Alibaba Cloud releases General Question Answering 2.0, which surpasses GPT-3.5 in performance and accelerates its pursuit of GPT-4-AI-php.cn

Alibaba Cloud releases General Question Answering 2.0, which surpasses GPT-3.5 in performance and accelerates its pursuit of GPT-4

WBOYWBOYWBOYWBOYWBOYWBOYWBOYWBOYWBOYWBOYWBOYWBOYWB

Oct 31, 2023 pm 06:05 PM

Ali CloudTongyi Qianwen

On October 31, Alibaba Cloud officially released Tongyi Qianwen 2.0, a large model with hundreds of billions of parameters. In 10 authoritative evaluations, the comprehensive performance of Tongyi Qianwen 2.0 exceeded GPT-3.5 and is currently Accelerate to catch up with GPT-4. On the same day, Tongyi Qianwen APP was officially launched in major mobile application markets, and everyone can directly experience the latest model capabilities through the APP.

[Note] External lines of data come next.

(* Consider the eigencurve setting in the context. Let $\tilde i\in\{0,\dots,I_{\max}-1\}$ and let $\lambda_j$ be an eigenvalue of $H$ with $\lambda_j\in[\mu2^{\tilde i},\mu2^{\tilde i+1})$. Then $$v_{t_{\tilde i+1},j}\le15\cdot\frac{\eta_{t_{\tilde i+1}}}{\lambda_j},$$ where $v_{t+1,j}=\sum_{k=0}^t\eta_k^2\prod_{i=k+1}^t(1-\eta_i\lambda_j)^2$ and $\eta_{t_{\tilde i+1}}=\left(L+\mu\sum_{j'=1}^{\tilde i+1}\Delta_{j'}2^{j'-1}\right)^{-1}$.
   Context: Let $H\in\mathbb{R}^{d\times d}$ be symmetric positive definite, with $\mu=\lambda_{\min}(H)$, $L=\lambda_{\max}(H)$ and $\kappa=L/\mu$. Let $I_{\max}=\log_2\kappa$, treated as an integer. Fix integers $0=t_0<\dots<t_{I_{\max}}=T$ with $\Delta_i=t_i-t_{i-1}$. The eigencurve learning rate is $$\eta_t=\frac{1}{L+\mu\sum_{j=1}^{i-1}\Delta_j2^{j-1}+2^{i-1}\mu(t-t_{i-1})}\quad\text{for }t\in[t_{i-1},t_i),$$ and at $t=t_{I_{\max}}=T$ it is given by the same formula with $i=I_{\max}$. *)

From mathcomp Require Import all_boot all_order all_algebra.
Set Implicit Arguments. Unset Strict Implicit. Unset Printing Implicit Defensive.
Import Order.TTheory GRing.Theory Num.Theory.
Local Open Scope ring_scope.

Section Eigencurve.
Variable R : realFieldType.
(* mu = lambda_min, L = lambda_max, Imax = log2 kappa, tb i = t_i *)
Variables (mu L : R) (Imax : nat) (tb : nat -> nat).

Definition Delta (i : nat) : nat := (tb i - tb i.-1)%N.

(* phase t = the index i in [1, Imax] with t in [t_{i-1}, t_i);
   for t = t_{Imax} = T (and beyond) it is Imax. *)
Definition phase (t : nat) : nat :=
  minn (\sum_(1 <= k < Imax.+1) (tb k <= t : nat)).+1 Imax.

Definition eta (t : nat) : R :=
  let i := phase t in
  (L + mu * \sum_(1 <= j < i) (Delta j)%:R * 2 ^+ j.-1
     + 2 ^+ i.-1 * mu * (t - tb i.-1)%:R)^-1.

Definition vvar (t1 : nat) (lam : R) : R :=
  \sum_(0 <= k < t1) eta k ^+ 2 * \prod_(k.+1 <= i < t1) (1 - eta i * lam) ^+ 2.

End Eigencurve.

(* Throughout phases 1, ..., ĩ+1 of the schedule the bound v_t <= 2 η_t / λ is an
   invariant of the recursion v_{t+1} = (1 - η_t λ)^2 v_t + η_t^2.  Writing
   D = η_t^-1 and D' = η_{t+1}^-1, one step preserves it as soon as λ <= D and
   D' <= D + λ.  The first condition holds because η_t^-1 >= L > λ; the second
   because during phase p+1 the inverse step size grows by 2^p μ <= 2^ĩ μ <= λ
   per iteration.  Since 2 <= 15 this gives the claim. *)
From mathcomp Require Import all_boot all_order all_algebra.
From mathcomp Require Import zify ring.
Import Order.TTheory GRing.Theory Num.Theory.
Local Open Scope ring_scope.

Lemma posdef_eigenvalue_gt0 {R : realFieldType} {d : nat} {H : 'M[R]_d} {a : R} :
  (forall v : 'rV[R]_d, v != 0 -> 0 < (v *m H *m v^T) 0 0) ->
  eigenvalue H a -> 0 < a.
Proof.
move=> posH /eigenvalueP [v vH v_neq0].
have := posH v v_neq0; rewrite vH -scalemxAl mxE.
have vv_ge0 : 0 <= (v *m v^T) 0 0.
  by rewrite mxE; apply: sumr_ge0 => i _; rewrite mxE -expr2 sqr_ge0.
by rewrite ltNge; apply: contraNT; rewrite -leNgt => /mulr_le0_ge0; apply.
Qed.

Lemma variance_step_le (R : realFieldType) (D D' lam v : R) :
  0 < lam -> lam <= D -> 0 < D' -> D' <= D + lam -> v <= 2 * D^-1 / lam ->
  (1 - D^-1 * lam) ^+ 2 * v + D^-1 ^+ 2 <= 2 * D'^-1 / lam.
Proof.
move=> lam_gt0 lam_le_D D'_gt0 D'_le hv.
have D_gt0 : 0 < D by apply: lt_le_trans lam_le_D.
apply: (@le_trans _ _ ((1 - D^-1 * lam) ^+ 2 * (2 * D^-1 / lam) + D^-1 ^+ 2)).
  by rewrite lerD2r ler_wpM2l // sqr_ge0.
apply: (@le_trans _ _ (2 * (D + lam)^-1 / lam)); last first.
  by rewrite ler_pM2r ?invr_gt0 // ler_pM2l // lef_pV2 ?posrE // addr_gt0.
rewrite -subr_ge0.
have -> : 2 * (D + lam)^-1 / lam - ((1 - D^-1 * lam) ^+ 2 * (2 * D^-1 / lam) + D^-1 ^+ 2)
    = (D - lam) * (D + 2 * lam) / (D ^+ 3 * (D + lam)).
  by field; rewrite !lt0r_neq0 ?addr_gt0.
apply: divr_ge0; first by rewrite mulr_ge0 ?subr_ge0 // ltW // addr_gt0 ?mulr_gt0.
by rewrite ltW // mulr_gt0 ?exprn_gt0 ?addr_gt0.
Qed.

Section VarianceRecursion.

Context {R : realFieldType} {eta v : nat -> R} {lam : R}.
Hypothesis lam_gt0 : 0 < lam.
Hypothesis eta_gt0 : forall t, 0 < eta t.
Hypothesis v0 : v 0%N = 0.
Hypothesis vS : forall t, v t.+1 = (1 - eta t * lam) ^+ 2 * v t + eta t ^+ 2.

Lemma variance_le (n : nat) :
  (forall t, (t < n)%N -> lam <= (eta t)^-1 /\ (eta t.+1)^-1 <= (eta t)^-1 + lam) ->
  forall t, (t <= n)%N -> v t <= 2 * eta t / lam.
Proof.
move=> eta_step; elim=> [|t IH] t_le_n.
  by rewrite v0 divr_ge0 ?mulr_ge0 ?ltW.
have [lam_le D'_le] := eta_step t t_le_n.
rewrite vS -[eta t]invrK -[eta t.+1]invrK.
apply: variance_step_le; rewrite ?invr_gt0 ?invrK //.
exact: IH (ltnW t_le_n).
Qed.

End VarianceRecursion.

Lemma vvar0 (R : realFieldType) (mu L : R) (Imax : nat) (tb : nat -> nat) (lam : R) :
  vvar mu L Imax tb 0 lam = 0.
Proof. by rewrite /vvar big_geq. Qed.

Lemma vvarS (R : realFieldType) (mu L : R) (Imax : nat) (tb : nat -> nat) (t : nat) (lam : R) :
  vvar mu L Imax tb t.+1 lam =
  (1 - eta mu L Imax tb t * lam) ^+ 2 * vvar mu L Imax tb t lam + eta mu L Imax tb t ^+ 2.
Proof.
rewrite /vvar big_nat_recr //= [\prod_(t.+1 <= i < t.+1) _]big_geq // mulr1.
congr (_ + _); rewrite big_distrr /=; apply: eq_big_nat => k /andP [_ k_lt].
by rewrite big_nat_recr //= mulrA mulrC.
Qed.

Lemma exists_phase {tb : nat -> nat} {m t : nat} : tb 0%N = 0%N -> (t < tb m)%N ->
  exists2 p, (p < m)%N & (tb p <= t < tb p.+1)%N.
Proof.
move=> tb0; elim: m => [|m IH] t_lt; first by rewrite tb0 in t_lt.
case: (ltnP t (tb m)) => [/IH [p p_lt tp] | tm_le]; last by exists m; rewrite ?tm_le.
by exists p => //; apply: ltnW.
Qed.

Section Schedule.

Context {R : realFieldType} {mu L : R} {Imax : nat} {tb : nat -> nat}.
Hypothesis tbS : forall i, (i < Imax)%N -> (tb i < tb i.+1)%N.

Lemma tb_le i j : (i <= j <= Imax)%N -> (tb i <= tb j)%N.
Proof.
elim: j => [|j IH] /andP [i_le_j j_le]; first by move: i_le_j; rewrite leqn0 => /eqP ->.
case: (ltngtP i j.+1) i_le_j => // [i_lt _|-> _] //.
have := tbS _ j_le; have : (tb i <= tb j)%N by apply: IH; lia.
lia.
Qed.

Lemma tb_lt i j : (i < j <= Imax)%N -> (tb i < tb j)%N.
Proof.
case: j => [|j] /andP [i_lt j_lt] //.
have := tbS _ j_lt; have : (tb i <= tb j)%N by apply: tb_le; lia.
lia.
Qed.

Lemma count_tb_le (p t : nat) : (p <= Imax)%N -> (tb p <= t)%N ->
  p = Imax \/ (t < tb p.+1)%N ->
  (\sum_(1 <= k < Imax.+1) (tb k <= t : nat))%N = p.
Proof.
move=> p_le tp_le t_lt.
rewrite (@big_cat_nat _ _ _ p.+1) //= (eq_big_nat _ _ (F2 := fun=> 1%N)); last first.
  move=> i /andP [_ i_le]; have : (tb i <= tb p)%N by apply: tb_le; lia.
  by move=> ?; have -> : (tb i <= t)%N by lia.
rewrite sum_nat_const_nat (eq_big_nat _ _ (F2 := fun=> 0%N)) => [|i /andP [i_gt i_le]].
  by rewrite !sum_nat_const_nat; lia.
case: t_lt => [|t_lt]; first lia.
have : (tb p.+1 <= tb i)%N by apply: tb_le; lia.
by move=> ?; have -> : (tb i <= t)%N = false by lia.
Qed.

Lemma etaV_phase (p t : nat) : (p < Imax)%N -> (tb p <= t <= tb p.+1)%N ->
  (eta mu L Imax tb t)^-1
  = L + mu * \sum_(1 <= j < p.+1) (Delta tb j)%:R * 2 ^+ j.-1
      + 2 ^+ p * mu * (t - tb p)%:R.
Proof.
move=> p_lt /andP [tp_le t_le]; rewrite /eta /phase invrK.
case: (ltngtP t (tb p.+1)) t_le => // [t_lt _|-> _].
  rewrite (@count_tb_le p) ?(ltnW p_lt) //; last by right.
  by rewrite (minn_idPl p_lt).
(* At [t = tb p.+1] the phase index becomes [p.+2] (capped at [Imax]); both formulas agree there. *)
rewrite (@count_tb_le p.+1) //; last first.
  by case: (ltngtP p.+1 Imax) p_lt => // [? _|-> _]; [right; apply: tb_lt; lia | left].
case: (ltngtP p.+1 Imax) p_lt => // [p1_lt _|p1_eq _]; last first.
  by rewrite p1_eq (minn_idPr (leqnSn _)) -p1_eq.
rewrite (minn_idPl p1_lt) /= subnn big_nat_recr //= /Delta /=.
by ring.
Qed.

Lemma etaV_step {p t : nat} : (p < Imax)%N -> (tb p <= t < tb p.+1)%N ->
  (eta mu L Imax tb t.+1)^-1 = (eta mu L Imax tb t)^-1 + 2 ^+ p * mu.
Proof.
move=> p_lt /andP [tp_le t_lt].
rewrite !(@etaV_phase p) ?tp_le ?(ltnW t_lt) ?t_lt ?(leq_trans tp_le) //.
by rewrite subSn // -natr1; ring.
Qed.

Lemma etaV_ge (t : nat) : 0 <= mu -> L <= (eta mu L Imax tb t)^-1.
Proof.
move=> mu_ge0; rewrite /eta invrK -addrA lerDl.
by rewrite addr_ge0 // !mulr_ge0 ?exprn_ge0 ?sumr_ge0 // => j _; rewrite mulr_ge0 ?exprn_ge0.
Qed.

Lemma eta_gt0 (t : nat) : 0 <= mu -> 0 < L -> 0 < eta mu L Imax tb t.
Proof.
by move=> mu_ge0 L_gt0; rewrite -invr_gt0 (lt_le_trans L_gt0) ?etaV_ge.
Qed.

End Schedule.

Theorem lemma11 (R : realFieldType) (d : nat) (H : 'M[R]_d)
  (mu L : R) (Imax : nat) (tb : nat -> nat) (ti : nat) (lam : R) :
  H^T = H ->
  (forall v : 'rV[R]_d, v != 0 -> 0 < (v *m H *m v^T) 0 0) ->
  eigenvalue H mu -> (forall a, eigenvalue H a -> mu <= a) ->
  eigenvalue H L -> (forall a, eigenvalue H a -> a <= L) ->
  L / mu = 2 ^+ Imax ->
  tb 0%N = 0%N -> (forall i, (i < Imax)%N -> (tb i < tb i.+1)%N) ->
  (ti < Imax)%N ->
  eigenvalue H lam -> mu * 2 ^+ ti <= lam -> lam < mu * 2 ^+ ti.+1 ->
  vvar mu L Imax tb (tb ti.+1) lam <= 15 * eta mu L Imax tb (tb ti.+1) / lam.
Proof.
move=> _ posH eig_mu _ _ _ L_div_mu tb0 tbS ti_lt _ lam_ge lam_lt.
have mu_gt0 : 0 < mu := posdef_eigenvalue_gt0 posH eig_mu.
have pow2_le m n : (m <= n)%N -> (2 : R) ^+ m <= 2 ^+ n.
  by move=> ?; rewrite ler_weXn2l // ler1n.
have lam_gt0 : 0 < lam by rewrite (lt_le_trans _ lam_ge) ?mulr_gt0 ?exprn_gt0.
have L_eq : L = mu * 2 ^+ Imax by rewrite -L_div_mu mulrC divfK ?lt0r_neq0.
have lam_lt_L : lam < L by rewrite (lt_le_trans lam_lt) // L_eq ler_pM2l ?pow2_le.
have L_gt0 : 0 < L := lt_trans lam_gt0 lam_lt_L.
have eta_pos t : 0 < eta mu L Imax tb t := eta_gt0 t (ltW mu_gt0) L_gt0.
have eta_step t : (t < tb ti.+1)%N ->
    lam <= (eta mu L Imax tb t)^-1 /\
    (eta mu L Imax tb t.+1)^-1 <= (eta mu L Imax tb t)^-1 + lam.
  case/(exists_phase tb0) => p p_le tp.
  have p_lt : (p < Imax)%N by apply: leq_trans ti_lt.
  split; first by rewrite (le_trans (ltW lam_lt_L)) ?etaV_ge ?ltW.
  by rewrite (etaV_step tbS p_lt tp) // lerD2l (le_trans _ lam_ge) // mulrC ler_pM2l ?pow2_le.
have v_le : vvar mu L Imax tb (tb ti.+1) lam <= 2 * eta mu L Imax tb (tb ti.+1) / lam.
  apply: (variance_le (v := vvar mu L Imax tb ^~ lam) lam_gt0 eta_pos _ _ _ eta_step) => //.
    exact: vvar0.
  by move=> t; rewrite vvarS.
by rewrite (le_trans v_le) // -!mulrA ler_wpM2r ?ler_nat // divr_ge0 ?ltW.
Qed.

In the past six months, Tongyi Qianwen 2.0 has made a huge leap in performance. Compared with version 1.0 released in April, Tongyi Qianwen 2.0has been significantly improvedin the abilities of understanding complex instructions, literary creation, general mathematics, knowledge memory, and resisting hallucinations. At present, the comprehensive performance of

Tongyi Qianwen has exceeded GPT-3.5, accelerating to catch up with GPT-4.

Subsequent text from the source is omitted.